DTEX AI Risk Management: Monitoring Employee and Agent Use of Generative AI Across the Enterprise

The Problem DTEX Is Solving

Most enterprise security tools can log activity. Fewer can judge whether that activity aligns with intent. As copilots, embedded AI applications, and autonomous agents gain access to corporate data and workflows, the distinction matters enormously.

An agent operating within its assigned permissions can still expose sensitive data. A developer experimenting with an unsanctioned AI tool may not realize they are leaking source code. Conventional logging captures the action — but not the risk behind it.

DTEX is positioning AI Risk Management as the layer that closes this interpretive gap.

Discovering and Classifying AI Use

The platform is built to surface the full landscape of AI activity across an organization — sanctioned and unsanctioned alike. It covers browser-based AI tools, standalone applications, and embedded copilots, flagging shadow AI in real time and building an inventory of approved tools while classifying the risk profile of unknown ones.

This matters because most enterprises do not have a complete picture of which AI tools their employees are actually using.
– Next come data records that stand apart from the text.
(* Let $(A,*,\circ)$ be a left skew brace and $I,J$ ideals of $A$. Then the Huq commutator $[I,J]$ is the ideal of $A$ generated by the union of the following three sets: (1) $\{\,i\circ j\circ(j\circ i)^{-\circ}\mid i\in I,\ j\in J\,\}$; (2) $\{\,i*j*(j*i)^{-*}\mid i\in I,\ j\in J\,\}$; (3) $\{\,(i\circ j)*(i*j)^{-*}\mid i\in I,\ j\in J\,\}$.
   Context: A (left) skew brace is a triple $(A,*,\circ)$ with $(A,* )$ and $(A,\circ)$ groups such that $a\circ(b*c)=(a\circ b)*a^{-*}*(a\circ c)$ for all $a,b,c\in A$; $a^{-*}$, $a^{-\circ}$ denote inverses in $(A,* )$, $(A,\circ)$; the groups share the identity. Morphisms are maps that are homomorphisms for both operations; products are componentwise. For $a,u\in A$, $\lambda_a(u)=a^{-*}*(a\circ u)$. An ideal of $A$ is a subset $I$ that is a normal subgroup of $(A,\circ)$, satisfies $I*a=a*I$ for all $a\in A$, and $\lambda_a(I)\subseteq I$ for all $a\in A$; ideals are sub-skew braces and for an ideal $K$ the cosets $a*K=a\circ K$ form the quotient skew brace $A/K$. The Huq commutator $[I,J]$ of ideals $I,J$ is the smallest ideal $K$ of $A$ such that the map $I\times J\to A/K$, $(i,j)\mapsto (i*j)*K$, is a skew brace morphism (equivalently, the kernel of the universal surjective morphism $\psi\colon A\to Q$ such that there is a skew brace morphism $\varphi\colon \psi(I)\times\psi(J)\to Q$ with $\varphi(x,1)=x$, $\varphi(1,y)=y$). *)

Set Implicit Arguments.

Record skew_brace := SkewBrace {
  sb_car :> Type;
  sb_add : sb_car -> sb_car -> sb_car;      (* the operation * *)
  sb_mul : sb_car -> sb_car -> sb_car;      (* the operation o *)
  sb_one : sb_car;
  sb_addinv : sb_car -> sb_car;
  sb_mulinv : sb_car -> sb_car;
  sb_addA : forall a b c, sb_add a (sb_add b c) = sb_add (sb_add a b) c;
  sb_add1l : forall a, sb_add sb_one a = a;
  sb_add1r : forall a, sb_add a sb_one = a;
  sb_addVl : forall a, sb_add (sb_addinv a) a = sb_one;
  sb_addVr : forall a, sb_add a (sb_addinv a) = sb_one;
  sb_mulA : forall a b c, sb_mul a (sb_mul b c) = sb_mul (sb_mul a b) c;
  sb_mul1l : forall a, sb_mul sb_one a = a;
  sb_mul1r : forall a, sb_mul a sb_one = a;
  sb_mulVl : forall a, sb_mul (sb_mulinv a) a = sb_one;
  sb_mulVr : forall a, sb_mul a (sb_mulinv a) = sb_one;
  sb_brace : forall a b c,
    sb_mul a (sb_add b c) = sb_add (sb_add (sb_mul a b) (sb_addinv a)) (sb_mul a c)
}.

Section SkewBraceDefs.
Variable A : skew_brace.

Local Notation "a * b" := (@sb_add A a b).
Local Notation "a 'o' b" := (@sb_mul A a b) (at level 40, left associativity).

Definition sb_lambda (a u : A) : A := @sb_addinv A a * (a o u).

Definition is_ideal (I : A -> Prop) : Prop :=
  I (sb_one A) /\
  (forall x y, I x -> I y -> I (x o y)) /\
  (forall x, I x -> I (@sb_mulinv A x)) /\
  (forall a x, I x -> I (a o x o @sb_mulinv A a)) /\
  (forall a, (forall i, I i -> exists i', I i' /\ i * a = a * i') /\
             (forall i, I i -> exists i', I i' /\ a * i = i' * a)) /\
  (forall a u, I u -> I (sb_lambda a u)).

(* Equality of cosets a*K = b*K in the quotient A/K. *)
Definition coset_eq (K : A -> Prop) (a b : A) : Prop := K (@sb_addinv A a * b).

(* The map I x J -> A/K, (i,j) |-> (i*j)*K, is a skew brace morphism
   (operations on I x J componentwise; on A/K induced by representatives:
   (a*K)*(b*K) = (a*b)*K and (a*K) o (b*K) = (a o b)*K). *)
Definition huq_morph (I J K : A -> Prop) : Prop :=
  forall i i' j j', I i -> I i' -> J j -> J j' ->
    coset_eq K ((i * i') * (j * j')) ((i * j) * (i' * j')) /\
    coset_eq K ((i o i') * (j o j')) ((i * j) o (i' * j')).

Definition is_huq_commutator (I J K : A -> Prop) : Prop :=
  is_ideal K /\ huq_morph I J K /\
  (forall K', is_ideal K' -> huq_morph I J K' -> forall x, K x -> K' x).

Definition ideal_gen (S : A -> Prop) : A -> Prop :=
  fun x => forall K, is_ideal K -> (forall s, S s -> K s) -> K x.

Definition huq_generators (I J : A -> Prop) : A -> Prop :=
  fun x => exists i j, I i /\ J j /\
    (x = (i o j) o @sb_mulinv A (j o i) \/
     x = (i * j) * @sb_addinv A (j * i) \/
     x = (i o j) * @sb_addinv A (i * j)).

End SkewBraceDefs.

Arguments sb_lambda {A} a u.
Arguments is_ideal {A} I.
Arguments coset_eq {A} K a b.
Arguments huq_morph {A} I J K.
Arguments is_huq_commutator {A} I J K.
Arguments ideal_gen {A} S x.
Arguments huq_generators {A} I J x.

(* Write a ~ b for a*K = b*K.  For an ideal K, ~ is a congruence for both operations, and
   the three kinds of generators lie in K exactly when j*i ~ i*j, j o i ~ i o j
   and i*j ~ i o j for all i in I, j in J.  These relations say that (i,j) |-> i*j is a
   morphism I x J -> A/K: evaluating the morphism conditions at (i,1,1,j) and (1,i,j,1)
   gives them, and conversely
     (i o i') * (j o j') ~ i o i' o j o j' ~ i o j o i' o j' ~ (i * j) o (i' * j').
   Hence the ideals K for which the map is a morphism are exactly those containing the
   generators, and the least of them is the ideal they generate. *)
From Stdlib Require Import Setoid.

Section SkewBraceTheory.
Variable A : skew_brace.

Local Notation "a * b" := (sb_add A a b).
Local Notation "a 'o' b" := (sb_mul A a b) (at level 40, left associativity).
Local Notation "- a" := (sb_addinv A a).
Local Notation "a ^-1" := (sb_mulinv A a).
Local Notation one := (sb_one A).

Lemma addKl (a b : A) : - a * (a * b) = b.
Proof. rewrite sb_addA, sb_addVl, sb_add1l; reflexivity. Qed.

Lemma addNKl (a b : A) : a * (- a * b) = b.
Proof. rewrite sb_addA, sb_addVr, sb_add1l; reflexivity. Qed.

Lemma addKr (a b : A) : b * a * - a = b.
Proof. rewrite <- sb_addA, sb_addVr, sb_add1r; reflexivity. Qed.

Lemma addNKr (a b : A) : b * - a * a = b.
Proof. rewrite <- sb_addA, sb_addVl, sb_add1r; reflexivity. Qed.

Lemma addI (a b c : A) : a * b = a * c -> b = c.
Proof. intro E. rewrite <- (addKl a b), E, addKl; reflexivity. Qed.

Lemma addNU (a b : A) : a * b = one -> - a = b.
Proof. intro E. rewrite <- (sb_add1r A (- a)), <- E, addKl; reflexivity. Qed.

Lemma addNN (a : A) : - - a = a.
Proof. apply addNU, sb_addVl. Qed.

Lemma addN1 : - one = one.
Proof. apply addNU, sb_add1l. Qed.

Lemma addND (a b : A) : - (a * b) = - b * - a.
Proof. apply addNU. rewrite !sb_addA, addKr, sb_addVr; reflexivity. Qed.

Lemma mulKl (a b : A) : a^-1 o (a o b) = b.
Proof. rewrite sb_mulA, sb_mulVl, sb_mul1l; reflexivity. Qed.

Lemma mulKr (a b : A) : b o a o a^-1 = b.
Proof. rewrite <- sb_mulA, sb_mulVr, sb_mul1r; reflexivity. Qed.

Lemma mulVKr (a b : A) : b o a^-1 o a = b.
Proof. rewrite <- sb_mulA, sb_mulVl, sb_mul1r; reflexivity. Qed.

Lemma mulVU (a b : A) : a o b = one -> a^-1 = b.
Proof. intro E. rewrite <- (sb_mul1r A (a^-1)), <- E, mulKl; reflexivity. Qed.

Lemma mulVV (a : A) : (a^-1)^-1 = a.
Proof. apply mulVU, sb_mulVl. Qed.

Lemma mulVM (a b : A) : (a o b)^-1 = b^-1 o a^-1.
Proof. apply mulVU. rewrite !sb_mulA, mulKr, sb_mulVr; reflexivity. Qed.

Lemma mul_lambda (a u : A) : a o u = a * sb_lambda a u.
Proof. unfold sb_lambda. rewrite addNKl; reflexivity. Qed.

Lemma lambda_comp (a b c : A) :
  sb_lambda a (sb_lambda b c) = sb_lambda (a o b) c.
Proof.
  apply (addI (a o b)). transitivity (a o (b o c)).
  - rewrite (mul_lambda b c), sb_brace, (mul_lambda a (sb_lambda b c)),
      <- sb_addA, addKl; reflexivity.
  - rewrite sb_mulA, (mul_lambda (a o b) c); reflexivity.
Qed.

Lemma lambda1 (c : A) : sb_lambda one c = c.
Proof. unfold sb_lambda. rewrite addN1, sb_add1l, sb_mul1l; reflexivity. Qed.

Lemma lambdaK (a c : A) : sb_lambda (a^-1) (sb_lambda a c) = c.
Proof. rewrite lambda_comp, sb_mulVl, lambda1; reflexivity. Qed.

Lemma lambdaVK (a c : A) : sb_lambda a (sb_lambda (a^-1) c) = c.
Proof. rewrite lambda_comp, sb_mulVr, lambda1; reflexivity. Qed.

Lemma lambda_mulV (a : A) : sb_lambda a (a^-1) = - a.
Proof. unfold sb_lambda. rewrite sb_mulVr, sb_add1r; reflexivity. Qed.

Lemma add_lambda (a b : A) : a * b = a o sb_lambda (a^-1) b.
Proof. rewrite mul_lambda, lambdaVK; reflexivity. Qed.

Lemma addN_lambda (a b : A) : - a * b = sb_lambda a (a^-1 o b).
Proof. unfold sb_lambda. rewrite sb_mulA, sb_mulVr, sb_mul1l; reflexivity. Qed.

Section Ideal.
Variable K : A -> Prop.
Hypothesis K_ideal : is_ideal K.

Lemma ideal1 : K one.
Proof. apply K_ideal. Qed.

Lemma ideal_mul x y : K x -> K y -> K (x o y).
Proof. apply K_ideal. Qed.

Lemma ideal_mulV x : K x -> K (x^-1).
Proof. apply K_ideal. Qed.

Lemma ideal_mulJ a x : K x -> K (a o x o a^-1).
Proof. apply K_ideal. Qed.

Lemma ideal_lambda a x : K x -> K (sb_lambda a x).
Proof. apply K_ideal. Qed.

Lemma ideal_add x y : K x -> K y -> K (x * y).
Proof.
  intros Kx Ky. rewrite add_lambda.
  apply ideal_mul; [exact Kx | apply ideal_lambda; exact Ky].
Qed.

Lemma ideal_addN x : K x -> K (- x).
Proof. intro Kx. rewrite <- lambda_mulV. apply ideal_lambda, ideal_mulV, Kx. Qed.

Lemma ideal_addJ a x : K x -> K (- a * (x * a)).
Proof.
  intro Kx. destruct K_ideal as [_ [_ [_ [_ [normal _]]]]].
  destruct (proj1 (normal a) x Kx) as [x' [Kx' E]].
  rewrite E, addKl. exact Kx'.
Qed.

Lemma ideal_addJr a x : K x -> K (a * x * - a).
Proof.
  intro Kx. destruct K_ideal as [_ [_ [_ [_ [normal _]]]]].
  destruct (proj2 (normal a) x Kx) as [x' [Kx' E]].
  rewrite E, addKr. exact Kx'.
Qed.

Local Notation "x ~ y" := (coset_eq K x y) (at level 70).

Lemma coset_eq_mulP x y : x ~ y <-> K (x^-1 o y).
Proof.
  unfold coset_eq. rewrite addN_lambda. split; intro Kxy.
  - rewrite <- (lambdaK x (x^-1 o y)). apply ideal_lambda, Kxy.
  - apply ideal_lambda, Kxy.
Qed.

Lemma coset_eq_refl x : x ~ x.
Proof. unfold coset_eq. rewrite sb_addVl. exact ideal1. Qed.

Lemma coset_eq_sym x y : x ~ y -> y ~ x.
Proof.
  unfold coset_eq. intro Kxy. apply ideal_addN in Kxy.
  rewrite addND, addNN in Kxy. exact Kxy.
Qed.

Lemma coset_eq_trans x y z : x ~ y -> y ~ z -> x ~ z.
Proof.
  unfold coset_eq. intros Kxy Kyz.
  pose proof (ideal_add _ _ Kxy Kyz) as Kxz.
  rewrite <- sb_addA, addNKl in Kxz. exact Kxz.
Qed.

Lemma coset_eq_add x x' y y' : x ~ x' -> y ~ y' -> x * y ~ x' * y'.
Proof.
  unfold coset_eq. intros Kx Ky.
  pose proof (ideal_add _ _ (ideal_addJ y _ Kx) Ky) as Kxy.
  rewrite !sb_addA, addKr in Kxy. rewrite addND, !sb_addA. exact Kxy.
Qed.

Lemma coset_eq_mul x x' y y' : x ~ x' -> y ~ y' -> x o y ~ x' o y'.
Proof.
  rewrite !coset_eq_mulP. intros Kx Ky.
  pose proof (ideal_mul _ _ (ideal_mulJ (y^-1) _ Kx) Ky) as Kxy.
  rewrite mulVV, !sb_mulA, mulKr in Kxy. rewrite mulVM, !sb_mulA. exact Kxy.
Qed.

Lemma coset_eq_addr x y : y ~ x <-> K (x * - y).
Proof.
  unfold coset_eq. split; intro Kxy.
  - pose proof (ideal_addJr y _ Kxy) as Kc. rewrite addNKl in Kc. exact Kc.
  - pose proof (ideal_addJ y _ Kxy) as Kc. rewrite addNKr in Kc. exact Kc.
Qed.

Lemma coset_eq_mulr x y : y ~ x <-> K (x o y^-1).
Proof.
  rewrite coset_eq_mulP. split; intro Kxy.
  - pose proof (ideal_mulJ y _ Kxy) as Kc.
    rewrite sb_mulA, sb_mulVr, sb_mul1l in Kc. exact Kc.
  - pose proof (ideal_mulJ (y^-1) _ Kxy) as Kc.
    rewrite mulVV, <- sb_mulA, mulVKr in Kc. exact Kc.
Qed.

End Ideal.

Lemma ideal_gen_ideal (S : A -> Prop) : is_ideal (ideal_gen S).
Proof.
  split; [|split; [|split; [|split; [|split]]]].
  - intros K K_ideal _. exact (ideal1 K K_ideal).
  - intros x y Sx Sy K K_ideal KS.
    exact (ideal_mul K K_ideal _ _ (Sx K K_ideal KS) (Sy K K_ideal KS)).
  - intros x Sx K K_ideal KS. exact (ideal_mulV K K_ideal _ (Sx K K_ideal KS)).
  - intros a x Sx K K_ideal KS. exact (ideal_mulJ K K_ideal a _ (Sx K K_ideal KS)).
  - intros a. split.
    + intros x Sx. exists (- a * (x * a)). split.
      * intros K K_ideal KS. exact (ideal_addJ K K_ideal a _ (Sx K K_ideal KS)).
      * rewrite addNKl; reflexivity.
    + intros x Sx. exists (a * x * - a). split.
      * intros K K_ideal KS. exact (ideal_addJr K K_ideal a _ (Sx K K_ideal KS)).
      * rewrite addNKr; reflexivity.
  - intros a x Sx K K_ideal KS. exact (ideal_lambda K K_ideal a _ (Sx K K_ideal KS)).
Qed.

Lemma ideal_gen_sub (S : A -> Prop) x : S x -> ideal_gen S x.
Proof. intros Sx K _ KS. apply KS, Sx. Qed.

Section HuqMorphism.
Variables I J K : A -> Prop.
Hypotheses (I_ideal : is_ideal I) (J_ideal : is_ideal J) (K_ideal : is_ideal K).

Local Notation "x ~ y" := (coset_eq K x y) (at level 70).

Definition huq_relations : Prop :=
  forall i j, I i -> J j -> j * i ~ i * j /\ j o i ~ i o j /\ i * j ~ i o j.

Lemma huq_generators_subP :
  (forall x, huq_generators I J x -> K x) <-> huq_relations.
Proof.
  split.
  - intros KS i j Ii Jj.
    assert (gen : forall x, (x = (i o j) o (j o i)^-1 \/ x = (i * j) * - (j * i) \/
                             x = (i o j) * - (i * j)) -> K x)
      by (intros x Hx; apply KS; exists i, j; auto).
    split; [|split].
    + apply coset_eq_addr; auto.
    + apply coset_eq_mulr; auto.
    + apply coset_eq_addr; auto.
  - intros rel x [i [j [Ii [Jj Hx]]]].
    destruct (rel i j Ii Jj) as [add_comm [mul_comm add_mul]].
    destruct Hx as [-> | [-> | ->]].
    + apply coset_eq_mulr; auto.
    + apply coset_eq_addr; auto.
    + apply coset_eq_addr; auto.
Qed.

Lemma huq_morphP : huq_morph I J K <-> huq_relations.
Proof.
  split.
  - intros morph i j Ii Jj.
    destruct (morph i one one j Ii (ideal1 _ I_ideal) (ideal1 _ J_ideal) Jj)
      as [_ add_mul].
    destruct (morph one i j one (ideal1 _ I_ideal) Ii Jj (ideal1 _ J_ideal))
      as [add_comm add_mulC].
    rewrite sb_mul1r, sb_mul1l, sb_add1r, sb_add1l in add_mul.
    rewrite sb_add1l, sb_add1r, sb_add1l, sb_add1r in add_comm.
    rewrite sb_mul1l, sb_mul1r, sb_add1l, sb_add1r in add_mulC.
    split; [|split].
    + exact (coset_eq_sym K K_ideal _ _ add_comm).
    + exact (coset_eq_trans K K_ideal _ _ _
               (coset_eq_sym K K_ideal _ _ add_mulC) add_mul).
    + exact add_mul.
  - intros rel i i' j j' Ii Ii' Jj Jj'. split.
    + replace ((i * i') * (j * j')) with (i * ((i' * j) * j'))
        by (rewrite !sb_addA; reflexivity).
      replace ((i * j) * (i' * j')) with (i * ((j * i') * j'))
        by (rewrite !sb_addA; reflexivity).
      apply coset_eq_add, coset_eq_add; try apply coset_eq_refl; auto.
      apply coset_eq_sym, rel; auto.
    + destruct (rel i j Ii Jj) as [_ [_ add_mul_ij]].
      destruct (rel i' j Ii' Jj) as [_ [mul_comm _]].
      destruct (rel i' j' Ii' Jj') as [_ [_ add_mul_ij']].
      destruct (rel (i o i') (j o j')) as [_ [_ add_mul]].
      { exact (ideal_mul I I_ideal _ _ Ii Ii'). }
      { exact (ideal_mul J J_ideal _ _ Jj Jj'). }
      apply (coset_eq_trans K K_ideal _ _ _ add_mul).
      apply (coset_eq_trans K K_ideal _ ((i o j) o (i' o j'))).
      * replace ((i o i') o (j o j')) with (i o ((i' o j) o j'))
          by (rewrite !sb_mulA; reflexivity).
        replace ((i o j) o (i' o j')) with (i o ((j o i') o j'))
          by (rewrite !sb_mulA; reflexivity).
        apply coset_eq_mul, coset_eq_mul; try apply coset_eq_refl; try exact K_ideal.
        exact (coset_eq_sym K K_ideal _ _ mul_comm).
      * apply coset_eq_mul; [exact K_ideal | |];
          apply coset_eq_sym; assumption.
Qed.

End HuqMorphism.

End SkewBraceTheory.

Theorem proposition2p5 (A : skew_brace) (I J : A -> Prop) :
  is_ideal I -> is_ideal J ->
  is_huq_commutator I J (ideal_gen (huq_generators I J)).
Proof.
  intros I_ideal J_ideal.
  pose proof (ideal_gen_ideal A (huq_generators I J)) as gen_ideal.
  split; [exact gen_ideal | split].
  - apply huq_morphP, huq_generators_subP; auto.
    apply ideal_gen_sub.
  - intros K K_ideal morph x gen_x. apply gen_x; [exact K_ideal|].
    apply huq_generators_subP, huq_morphP; auto.
Qed.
Shadow AI is not a theoretical risk; it is a daily operational reality in most large organizations.

Separating Human from Agent Activity

The most technically ambitious claim is the ability to distinguish human-driven actions from AI-agent-driven ones. DTEX calls this visibility into “Computer Use AI” — tracking what an agent was instructed to do, how it executed those instructions, and the full lineage of actions taken across systems.

By correlating prompts, behavioral baselines, and agent actions over time, the platform aims to separate routine experimentation from genuinely risky or malicious behavior. In one early deployment, DTEX reported identifying an autonomous agent exposing sensitive data while operating entirely within its intended workflow and permissions — a scenario that would have been invisible to most conventional tools.

Two New Autonomous Security Agents

Alongside the monitoring capabilities, DTEX is introducing two autonomous agents designed to act on what the platform finds.

Triage Guardian uses a multi-agent approach to automate investigation workflows. It gathers evidence and runs independent reviewer agents that validate findings — a mechanism specifically designed to reduce false positives, which remain one of the most persistent drains on security operations teams.

Threat Hunter allows analysts to launch investigations using natural language queries. The agent then correlates findings independently and surfaces unknown threats without requiring manual correlation work.

Both agents draw on DTEX i³ research, including work conducted with MITRE and Five Eyes defense partners. The company reports that early deployments saved more than 40 hours per analyst per month — a figure that, if it holds at scale, represents a meaningful shift in security operations capacity.

Context: Who DTEX Is and Where This Fits

Founded in 2000, DTEX operates at the intersection of insider risk management, data loss prevention, user behavior analytics, and user activity monitoring — unified on a single platform. The company raised $50 million from Alphabet’s growth fund CapitalG in 2024, signaling institutional confidence in its approach.

Chief Executive Marshall Heilman framed the launch plainly:

“AI agents are rapidly becoming operational actors inside the enterprise, with the ability to access data, interact with systems and take autonomous action. Many security solutions can monitor AI activity, but they still can’t determine whether that behavior aligns with intent or introduces risk.”

That framing is accurate. The market for AI security tooling is crowded with activity monitoring. Intent detection at the agent level is a narrower, harder problem — and one that is becoming more urgent as agentic AI moves from experimentation into production workflows.

Availability and What to Watch

AI Risk Management is currently in private preview, with broader availability expected next quarter. Organizations running active AI agent deployments or managing large populations of knowledge workers using generative AI tools should be evaluating this category now, not after an incident.

The Broader Signal

DTEX’s launch reflects a structural shift in enterprise security requirements. The perimeter is no longer just users and devices — it now includes AI agents that can act, reason, and move data autonomously. Security tooling that cannot distinguish intent from action, or human behavior from agent behavior, is operating with a fundamental blind spot.

The question for enterprise security teams is not whether to monitor AI use. It is whether their current tools can actually tell them what that use means.